(DATA FOR THE TASK)

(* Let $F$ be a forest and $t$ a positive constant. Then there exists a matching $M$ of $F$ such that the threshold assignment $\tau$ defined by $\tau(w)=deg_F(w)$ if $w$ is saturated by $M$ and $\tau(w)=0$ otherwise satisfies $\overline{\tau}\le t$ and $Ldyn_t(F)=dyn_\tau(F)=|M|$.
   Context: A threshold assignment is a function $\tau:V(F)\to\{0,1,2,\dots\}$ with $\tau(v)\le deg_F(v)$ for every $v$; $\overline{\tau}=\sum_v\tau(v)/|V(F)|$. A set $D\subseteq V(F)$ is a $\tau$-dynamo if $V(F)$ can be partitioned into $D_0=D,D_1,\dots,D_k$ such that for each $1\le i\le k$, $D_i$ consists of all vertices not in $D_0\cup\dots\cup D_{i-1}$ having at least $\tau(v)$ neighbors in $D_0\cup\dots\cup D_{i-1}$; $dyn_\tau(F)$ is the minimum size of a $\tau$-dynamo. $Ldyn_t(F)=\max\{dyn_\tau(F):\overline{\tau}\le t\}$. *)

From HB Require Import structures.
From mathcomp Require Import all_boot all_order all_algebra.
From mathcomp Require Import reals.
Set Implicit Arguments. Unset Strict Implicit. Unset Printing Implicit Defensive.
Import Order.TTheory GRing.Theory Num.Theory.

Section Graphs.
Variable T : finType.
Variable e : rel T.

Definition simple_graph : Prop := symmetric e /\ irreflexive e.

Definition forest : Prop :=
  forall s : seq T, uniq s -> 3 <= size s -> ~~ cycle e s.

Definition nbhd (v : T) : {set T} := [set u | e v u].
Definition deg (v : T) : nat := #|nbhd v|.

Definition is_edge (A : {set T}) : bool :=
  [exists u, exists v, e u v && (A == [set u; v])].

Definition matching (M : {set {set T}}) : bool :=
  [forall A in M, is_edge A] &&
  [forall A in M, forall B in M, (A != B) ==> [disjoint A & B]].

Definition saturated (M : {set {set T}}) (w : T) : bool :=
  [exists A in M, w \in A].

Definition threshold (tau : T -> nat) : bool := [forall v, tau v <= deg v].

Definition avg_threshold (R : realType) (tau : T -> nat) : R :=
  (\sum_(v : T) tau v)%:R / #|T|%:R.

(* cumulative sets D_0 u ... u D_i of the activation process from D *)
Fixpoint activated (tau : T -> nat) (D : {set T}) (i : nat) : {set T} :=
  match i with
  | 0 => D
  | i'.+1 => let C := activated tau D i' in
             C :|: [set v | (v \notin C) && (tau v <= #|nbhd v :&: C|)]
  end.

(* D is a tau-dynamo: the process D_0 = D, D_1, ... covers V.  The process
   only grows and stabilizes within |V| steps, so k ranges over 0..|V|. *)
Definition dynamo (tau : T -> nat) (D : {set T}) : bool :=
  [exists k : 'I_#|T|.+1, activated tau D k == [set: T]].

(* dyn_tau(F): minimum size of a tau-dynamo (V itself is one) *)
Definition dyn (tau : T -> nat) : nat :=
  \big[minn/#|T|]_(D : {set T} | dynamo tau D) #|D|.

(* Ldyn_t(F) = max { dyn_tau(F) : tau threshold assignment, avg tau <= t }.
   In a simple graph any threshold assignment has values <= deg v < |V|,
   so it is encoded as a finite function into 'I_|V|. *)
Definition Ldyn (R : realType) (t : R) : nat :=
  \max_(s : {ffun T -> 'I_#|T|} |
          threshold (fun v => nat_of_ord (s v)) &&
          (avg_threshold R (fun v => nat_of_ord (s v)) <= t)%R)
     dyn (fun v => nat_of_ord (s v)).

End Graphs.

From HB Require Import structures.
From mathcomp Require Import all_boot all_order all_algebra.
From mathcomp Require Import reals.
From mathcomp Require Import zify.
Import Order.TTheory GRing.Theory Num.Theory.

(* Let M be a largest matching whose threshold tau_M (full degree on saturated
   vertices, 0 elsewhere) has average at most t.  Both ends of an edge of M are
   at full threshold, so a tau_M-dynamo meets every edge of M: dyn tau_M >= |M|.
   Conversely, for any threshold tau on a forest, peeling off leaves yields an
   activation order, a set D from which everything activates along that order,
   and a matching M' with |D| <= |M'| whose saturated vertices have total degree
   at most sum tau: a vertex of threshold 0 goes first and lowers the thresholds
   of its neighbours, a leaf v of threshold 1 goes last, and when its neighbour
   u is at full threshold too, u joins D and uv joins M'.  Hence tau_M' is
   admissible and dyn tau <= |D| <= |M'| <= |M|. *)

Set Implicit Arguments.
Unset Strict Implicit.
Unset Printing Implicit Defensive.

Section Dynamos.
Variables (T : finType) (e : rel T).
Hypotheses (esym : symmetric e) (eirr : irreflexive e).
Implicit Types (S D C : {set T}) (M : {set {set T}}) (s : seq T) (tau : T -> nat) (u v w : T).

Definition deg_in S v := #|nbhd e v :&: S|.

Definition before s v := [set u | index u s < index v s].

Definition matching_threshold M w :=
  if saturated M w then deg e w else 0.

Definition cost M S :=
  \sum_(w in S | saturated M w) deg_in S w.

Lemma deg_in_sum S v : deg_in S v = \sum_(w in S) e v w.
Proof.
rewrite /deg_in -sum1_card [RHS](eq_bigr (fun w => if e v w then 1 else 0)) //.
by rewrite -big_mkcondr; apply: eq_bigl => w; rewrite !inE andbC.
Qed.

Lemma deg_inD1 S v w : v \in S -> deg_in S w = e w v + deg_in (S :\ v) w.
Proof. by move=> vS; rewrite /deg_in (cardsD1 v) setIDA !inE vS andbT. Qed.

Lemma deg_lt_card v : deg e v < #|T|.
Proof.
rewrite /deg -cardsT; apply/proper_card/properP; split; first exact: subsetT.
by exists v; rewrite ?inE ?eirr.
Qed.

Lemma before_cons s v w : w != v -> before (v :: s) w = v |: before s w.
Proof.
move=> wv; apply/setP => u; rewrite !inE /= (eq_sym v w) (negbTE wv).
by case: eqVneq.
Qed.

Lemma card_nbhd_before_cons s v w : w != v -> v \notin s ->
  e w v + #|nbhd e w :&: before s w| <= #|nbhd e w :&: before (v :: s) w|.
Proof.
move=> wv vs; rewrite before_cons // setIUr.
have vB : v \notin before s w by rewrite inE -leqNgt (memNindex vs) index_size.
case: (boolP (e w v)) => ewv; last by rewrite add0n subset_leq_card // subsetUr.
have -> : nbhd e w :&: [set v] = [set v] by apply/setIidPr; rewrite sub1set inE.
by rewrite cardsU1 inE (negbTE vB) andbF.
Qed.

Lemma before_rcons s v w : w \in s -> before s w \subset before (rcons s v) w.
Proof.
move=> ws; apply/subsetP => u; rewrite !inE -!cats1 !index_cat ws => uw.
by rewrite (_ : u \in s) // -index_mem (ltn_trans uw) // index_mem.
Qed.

(End DATA FOR THE TASK)

**WORK INSTRUCTIONS**
Nothing but the lines above from the one containing "Set Implicit Arguments. Unset" through the one containing "(* D is a tau-dynamo: the" should appear in the answer, each repeated exactly.

**YOUR RESPONSE**
Set Implicit Arguments. Unset Strict Implicit. Unset Printing Implicit Defensive.
Import Order.TTheory GRing.Theory Num.Theory.

Section Graphs.
Variable T : finType.
Variable e : rel T.

Definition simple_graph : Prop := symmetric e /\ irreflexive e.

Definition forest : Prop :=
  forall s : seq T, uniq s -> 3 <= size s -> ~~ cycle e s.

Definition nbhd (v : T) : {set T} := [set u | e v u].
Definition deg (v : T) : nat := #|nbhd v|.

Definition is_edge (A : {set T}) : bool :=
  [exists u, exists v, e u v && (A == [set u; v])].

Definition matching (M : {set {set T}}) : bool :=
  [forall A in M, is_edge A] &&
  [forall A in M, forall B in M, (A != B) ==> [disjoint A & B]].

Definition saturated (M : {set {set T}}) (w : T) : bool :=
  [exists A in M, w \in A].

Definition threshold (tau : T -> nat) : bool := [forall v, tau v <= deg v].

Definition avg_threshold (R : realType) (tau : T -> nat) : R :=
  (\sum_(v : T) tau v)%:R / #|T|%:R.

(* cumulative sets D_0 u ... u D_i of the activation process from D *)
Fixpoint activated (tau : T -> nat) (D : {set T}) (i : nat) : {set T} :=
  match i with
  | 0 => D
  | i'.+1 => let C := activated tau D i' in
             C :|: [set v | (v \notin C) && (tau v <= #|nbhd v :&: C|)]
  end.

(* D is a tau-dynamo: the process D_0 = D, D_1, ... covers V.  The process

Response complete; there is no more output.